As a part of its cost cutting initiatives, Nokia plans to lay off 10,000 employees. The company also intends to shut down its production and research and development unit. It will also divest its 90% stake in premium handset developing unit Vertu. Further, the company also restructured its top level management to execute the laid down objectives in a more effective manner.
Nokia is currently facing a huge cash crunch. Cash flow from operations dropped 76.2% in 2011 from the previous year. Stiff competition from Apple Inc‘.s (AAPL) iPhones and Google Inc‘.s (GOOG) Andriod phones have hampered sales over the last few years. Moreover, mounting operating expenses has forced the company to lay-off at least 14,500 employees (exclusive of the recent job cut) over last 15 months.
In February 2012, the company slashed 4,000 staff. This is now the highest lay-off since April 2011 when the company laid off 7,000 workers.

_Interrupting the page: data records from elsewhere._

(* Under the standing assumptions, the commutator of $R^\beta$ in $R$ satisfies $$V_R(R^\beta)=\bigoplus_{g\in\mathcal G}J_g,$$ i.e. $V_R(R^\beta)=\sum_{g\in\mathcal G}J_g$ and this sum of $C(R)$-submodules of $R$ is direct.
   Context: All rings and algebras are associative and unital. A groupoid is a nonempty set $\mathcal G$ with a partially defined associative multiplication in which every $g$ has an inverse $g^{-1}$, a left identity $r(g)=gg^{-1}$ and a right identity $d(g)=g^{-1}g$; $gh$ is defined iff $d(g)=r(h)$; $\mathcal G_0$ is the set of identities. Standing assumptions: $K$ is a commutative ring, $R$ a $K$-algebra, $\mathcal G$ a finite groupoid, $\beta=(\{E_g\}_{g\in\mathcal G},\{\beta_g\}_{g\in\mathcal G})$ a unital action of $\mathcal G$ on $R$, meaning: for each $g$, $E_g=E_{r(g)}$ is an ideal of $R$ which is a unital ring with identity $1_g$ (so $1_{g^{-1}}=1_{d(g)}$), $\beta_g:E_{g^{-1}}\to E_g$ is a $K$-algebra isomorphism, $\beta_e=\mathrm{id}_{E_e}$ for $e\in\mathcal G_0$, and $\beta_g\beta_h(x)=\beta_{gh}(x)$ whenever $d(g)=r(h)$, $x\in E_{h^{-1}}$. Moreover $R=\bigoplus_{e\in\mathcal G_0}E_e$, and $R$ is a $\beta$-Galois extension of $R^\beta=\{r\in R:\beta_g(r1_{g^{-1}})=r1_g\ \forall g\in\mathcal G\}$, i.e. there exist $x_1,\dots,x_m,y_1,\dots,y_m\in R$ with $\sum_i x_i\beta_g(y_i1_{g^{-1}})=1_g$ if $g\in\mathcal G_0$ and $=0$ otherwise. $C(R)$ is the center of $R$; for subrings $S_1,S_2$ of $R$, $V_{S_2}(S_1)=\{r\in S_2: rs=sr\ \forall s\in S_1\}$. For $g\in\mathcal G$, $J_g=\{r\in E_g: r\beta_g(x1_{g^{-1}})=xr \text{ for all } x\in R\}$, a $C(R)$-submodule of $R$. *)

From HB Require Import structures.
From mathcomp Require Import all_boot all_order all_algebra.
Set Implicit Arguments. Unset Strict Implicit. Unset Printing Implicit Defensive.
Import GRing.Theory.
Local Open Scope ring_scope.
Theorem mainTheorem11 (X : Type) (d : X -> X -> R) (Xh : Type) (dh : Xh -> Xh -> R)
  (i : X -> Xh) (hd : is_metric X d) (hcomp : is_completion d dh i) :
  let P1 := cofinally_Bourbaki_quasi_complete Xh dh in
  let P2 := cofinally_Bourbaki_complete Xh dh /\
     (forall (Y : Type) (rho : Y -> Y -> R), is_metric Y rho ->
        forall f : X -> Y, CBC_regular d rho f ->
        forall x : nat -> X, cofinally_Bourbaki_quasi_Cauchy d x ->
          cofinally_Bourbaki_Cauchy rho (fun n => f (x n))) in
  let P3 := cofinally_Bourbaki_complete Xh dh /\
     (forall f : X -> R, CBC_regular d real_dist f ->
        forall x : nat -> X, cofinally_Bourbaki_quasi_Cauchy d x ->
          cofinally_Bourbaki_Cauchy real_dist (fun n => f (x n))) in
  let P4 := cofinally_Bourbaki_complete Xh dh /\
     (forall x : nat -> X, cofinally_Bourbaki_quasi_Cauchy d x ->
          cofinally_Bourbaki_Cauchy d x) in
  (P1 <-> P2) /\ (P1 <-> P3) /\ (P1 <-> P4).
Proof.
  cbv zeta. destruct hcomp as [hm [_ [hi hdense]]].
  pose proof (quasi_complete_complete Xh dh hm) as h1c.
  pose proof (CBqC_CBC_of_dense_quasi_complete X Xh d dh i hi hm hdense) as h14.
  pose proof (quasi_complete_of_dense_complete X Xh d dh i hi hd hm hdense) as h41.
  pose proof (CBqC_CBC_of_real_regular X d hd) as h34.
  split; [|split]; split.
  - intros H1. split; [exact (h1c H1)|]. intros Y rho _ f Hf x Hx. exact (Hf x (h14 x H1 Hx)).
  - intros [Hc H2]. exact (h41 Hc (h34 (H2 R real_dist real_dist_metric))).
  - intros H1. split; [exact (h1c H1)|]. intros f Hf x Hx. exact (Hf x (h14 x H1 Hx)).
  - intros [Hc H3]. exact (h41 Hc (h34 H3)).
  - intros H1. split; [exact (h1c H1)|]. intros x Hx. exact (h14 x H1 Hx).
  - intros [Hc H4]. exact (h41 Hc H4).
Qed.
(* Let $\mathcal{C}$ be a robust graph class (not necessarily hereditary) for which $\beta_{\mathcal{C}}$ is finite. For every integer $d\ge1$, $$\beta_{\mathcal{C}}(d)\ge\begin{cases}2^{d-1}+1 & \text{if } \beta_{\mathcal{C}}=1,\\ (\beta_{\mathcal{C}}-1)\,2^{d}+1 & \text{if } \beta_{\mathcal{C}}\ge 2.\end{cases}$$
   Context: $\mathrm{OPT}(G)$ is the minimum vertex cover size. $Y\subseteq V(G)$ is a blocking set of $G$ if no vertex cover of $G$ of size $\mathrm{OPT}(G)$ contains $Y$; minimal if no proper subset is a blocking set. $\beta(G)$ is the maximum size of a minimal blocking set of $G$; $\beta_{\mathcal{C}}=\sup_{G\in\mathcal{C}}\beta(G)$. Elimination distance: $\mathrm{ed}_{\mathcal{C}}(G)=0$ if $G\in\mathcal{C}$; otherwise if $G$ is connected, $\mathrm{ed}_{\mathcal{C}}(G)=1+\min_{v}\mathrm{ed}_{\mathcal{C}}(G-v)$; otherwise the maximum over connected components. $\beta_{\mathcal{C}}(d)=\max\{\beta(G):\mathrm{ed}_{\mathcal{C}}(G)\le d\}$. A class is robust if a graph is in it iff all its connected components are. *)

From mathcomp Require Import all_boot.
Set Implicit Arguments. Unset Strict Implicit. Unset Printing Implicit Defensive.

Record sgraph := SGraph {
  vert :> finType;
  adj : rel vert;
  adj_sym : symmetric adj;
  adj_irr : irreflexive adj }.

Section Induced.
Variables (G : sgraph) (A : {set vert G}).
Definition ind_vert : finType := {x : vert G | x \in A}.
Definition ind_adj : rel ind_vert := fun x y => adj (val x) (val y).
Lemma ind_adj_sym : symmetric ind_adj.
Proof. by move=> x y; rewrite /ind_adj adj_sym. Qed.
Lemma ind_adj_irr : irreflexive ind_adj.
Proof. by move=> x; rewrite /ind_adj adj_irr. Qed.
Definition induced : sgraph := SGraph ind_adj_sym ind_adj_irr.
End Induced.

Definition delv (G : sgraph) (v : vert G) : sgraph := induced [set~ v].

Definition component (G : sgraph) (x : vert G) : sgraph :=
  induced [set y | connect (@adj G) x y].

Definition isomorphic (G H : sgraph) : Prop :=
  exists f : vert G -> vert H, bijective f /\
    forall x y, adj (f x) (f y) = adj x y.

Definition graph_class := sgraph -> Prop.
Definition iso_closed (C : graph_class) : Prop :=
  forall G H, isomorphic G H -> C G -> C H.

Definition robust (C : graph_class) : Prop :=
  forall G : sgraph, C G <-> (forall x : vert G, C (component x)).

Definition vertex_cover (G : sgraph) (S : {set vert G}) : Prop :=
  forall x y : vert G, adj x y -> (x \in S) || (y \in S).
Definition min_vertex_cover (G : sgraph) (S : {set vert G}) : Prop :=
  vertex_cover S /\ forall S' : {set vert G}, vertex_cover S' -> #|S| <= #|S'|.

Definition blocking (G : sgraph) (Y : {set vert G}) : Prop :=
  forall S : {set vert G}, min_vertex_cover S -> ~ (Y \subset S).
Definition minimal_blocking (G : sgraph) (Y : {set vert G}) : Prop :=
  blocking Y /\ forall Z : {set vert G}, Z \proper Y -> ~ blocking Z.

(* beta_C = k (a finite value, attained): every minimal blocking set of a
   graph of C has size <= k, and some graph of C has one of size k. *)
Definition beta_class_eq (C : graph_class) (k : nat) : Prop :=
  (forall G, C G -> forall Y : {set vert G}, minimal_blocking Y -> #|Y| <= k)
  /\ (exists G, C G /\ exists Y : {set vert G}, minimal_blocking Y /\ #|Y| = k).

(* ed_le C d G  <->  ed_C(G) <= d.
   ed_C(G) = 0 if G in C; for connected G not in C, 1 + min_v ed_C(G - v);
   otherwise the max over connected components (each component is connected,
   so its value is given by one of the first two clauses). *)
Fixpoint ed_le (C : graph_class) (d : nat) (G : sgraph) : Prop :=
  C G \/
  forall x : vert G,
    C (component x) \/
    match d with
    | 0 => False
    | d'.+1 => exists v : vert (component x), ed_le C d' (delv v)
    end.

From mathcomp Require Import all_boot.
From Stdlib Require Import Classical.
Set Implicit Arguments. Unset Strict Implicit. Unset Printing Implicit Defensive.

Nokia will also shut down its oldest production division in Salo, Finland. Additionally, the company will also terminate its research and development unit in Ulm, Germany, and Burnaby, British Columbia. The company remains hopeful of its revival by means of downsizing of plants and shutting down of research and development facilities.
In order to address its present cash constraints, Nokia continues to dispense with most of its non-performing business units. Over the past one year, the company sold Vertu, quit commercial licensing, its services business and also an instant messaging service division. Moreover, the company also possesses huge patent portfolios for handsets.
We believe that to meet its immediate cash needs, the company will continue to sell off its patents and dispose its non-performing business units until its newly launched Nokia Lumia series of smartphones succeeds in driving sales and gains a significant share in the smartphone market.
Currently, Nokia has a Zacks #3 Rank, implying a short-term Hold rating on the stock.